* _Problem to solve_
Reproduce the entries below exactly, but only from the line containing "by rewrite !mxE mulr_suml." to the line containing "Section QPSet.", inclusive.

* _Data for this task_
# # # # #
(* Let K := J_(i), of size k = n - i + 1, and E the all-ones matrix.  The
   entry bounds and the dominance of J make

     K - ((n-2) l I + l E)   (J dominant)   and   ((n-2) m I + m E) - K   (J balanced)

   diagonally dominant symmetric matrices, hence positive semidefinite by the
   Gershgorin argument.  So K is compared, as a quadratic form, with
   a I + b E, whose eigenvalues are a (k - 1 times) and a + b k; for
   a = (n-2) c and b = c this is (2n-i-1) c.
   Instead of the Courant-Fischer theorem we use the spectral theorem and test
   the form inequalities on explicit vectors of an eigenbasis:
   - q_K >= a q_I + b q_E: eigenvectors give lambda >= a, the all-ones vector
     gives lambda_max >= a + b k;
   - q_K <= a q_I + b q_E: eigenvectors and Cauchy-Schwarz give lambda <= a + b k,
     and a combination of two eigenvectors orthogonal to the all-ones vector
     shows that at most one eigenvalue exceeds a.
   The spectral theorem of MathComp lives over an algebraically closed
   numeric field, so real matrices are embedded into R[i]. *)

(* The diagonal entry bounds the off-diagonal absolute row sum: diagonal
   dominance together with a nonnegative diagonal. *)
Definition dominant (R : numDomainType) k (Q : 'M[R]_k) : Prop :=
  forall p, \sum_(q | q != p) `|Q p q| <= Q p p.

Section QuadraticForm.
Variable C : numClosedFieldType.

Definition qform k (M : 'M[C]_k) (x : 'rV[C]_k) : C := (x *m M *m x^t*) 0 0.

Lemma qformE k M x : @qform k M x = \sum_a \sum_b x 0 a * M a b * (x 0 b)^*.
Proof.
rewrite /qform mxE exchange_big /=; apply: eq_bigr => b _.
by rewrite !mxE mulr_suml.
Qed.

Lemma qformD k M N x : @qform k (M + N) x = qform M x + qform N x.
Proof. by rewrite /qform mulmxDr mulmxDl mxE. Qed.

Lemma qformB k M N x : @qform k (M - N) x = qform M x - qform N x.
Proof. by rewrite /qform mulmxBr mulmxBl !mxE. Qed.

Lemma qformZ k a M x : @qform k (a *: M) x = a * qform M x.
Proof. by rewrite /qform -scalemxAr -scalemxAl mxE. Qed.
Theorem feasible_basic_solution :
  (exists u, feasible u) <->
  exists (S : {set 'I_K}) (h : #|S| = m),
    let Gs := castmx (h, erefl m) (rowset_mx S G) in
    let bs := castmx (h, erefl 1%N) (rowset_mx S b) in
    Gs \in unitmx /\ forall k, k \notin S -> (G *m (invmx Gs *m bs)) k 0 <= b k 0.
Proof.
split=> [[u /exists_feasible_active_full [u' [fu' rk_act]]] | [S [h [Gs_unit off_S]]]].
  have [S [h [S_act Gs_unit]]] := exists_unit_rowset_mx rk_act.
  exists S, h => Gs bs; suff -> : invmx Gs *m bs = u' by split=> // k _.
  suff <- : Gs *m u' = bs by rewrite mulKmx.
  by apply/castmx_rowset_mulmx_eqP => k /(subsetP S_act); rewrite inE => /eqP.
exists (invmx (castmx (h, erefl m) (rowset_mx S G)) *m
        castmx (h, erefl 1%N) (rowset_mx S b)) => k.
have [kS | /off_S //] := boolP (k \in S).
by rewrite (iffLR (castmx_rowset_mulmx_eqP h _) (mulKVmx Gs_unit _) k kS).
Qed.

End BasicSolution.

Section QPSet.
Variables q p : nat.
Implicit Types (Q : {set 'I_q}) (P : {set 'I_p}).

Lemma mem_QP_set_l Q P k : (lshift p k \in QP_set Q P) = (k \in Q).
Proof.
rewrite !inE mem_imset; last exact: lshift_inj.
by case: imsetP => [[k' _ /eqP]|_]; rewrite ?eq_lrshift ?orbF.
Qed.

Lemma mem_QP_set_r Q P k : (rshift q k \in QP_set Q P) = (k \in P).
Proof.
rewrite !inE mem_imset; last exact: rshift_inj.
by case: imsetP => [[k' _ /eqP]|_]; rewrite ?eq_rlshift.
Qed.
# # # # #
* _Your solution_
by rewrite !mxE mulr_suml.
Qed.

Lemma qformD k M N x : @qform k (M + N) x = qform M x + qform N x.
Proof. by rewrite /qform mulmxDr mulmxDl mxE. Qed.

Lemma qformB k M N x : @qform k (M - N) x = qform M x - qform N x.
Proof. by rewrite /qform mulmxBr mulmxBl !mxE. Qed.

Lemma qformZ k a M x : @qform k (a *: M) x = a * qform M x.
Proof. by rewrite /qform -scalemxAr -scalemxAl mxE. Qed.
Theorem feasible_basic_solution :
  (exists u, feasible u) <->
  exists (S : {set 'I_K}) (h : #|S| = m),
    let Gs := castmx (h, erefl m) (rowset_mx S G) in
    let bs := castmx (h, erefl 1%N) (rowset_mx S b) in
    Gs \in unitmx /\ forall k, k \notin S -> (G *m (invmx Gs *m bs)) k 0 <= b k 0.
Proof.
split=> [[u /exists_feasible_active_full [u' [fu' rk_act]]] | [S [h [Gs_unit off_S]]]].
  have [S [h [S_act Gs_unit]]] := exists_unit_rowset_mx rk_act.
  exists S, h => Gs bs; suff -> : invmx Gs *m bs = u' by split=> // k _.
  suff <- : Gs *m u' = bs by rewrite mulKmx.
  by apply/castmx_rowset_mulmx_eqP => k /(subsetP S_act); rewrite inE => /eqP.
exists (invmx (castmx (h, erefl m) (rowset_mx S G)) *m
        castmx (h, erefl 1%N) (rowset_mx S b)) => k.
have [kS | /off_S //] := boolP (k \in S).
by rewrite (iffLR (castmx_rowset_mulmx_eqP h _) (mulKVmx Gs_unit _) k kS).
Qed.

End BasicSolution.

Section QPSet.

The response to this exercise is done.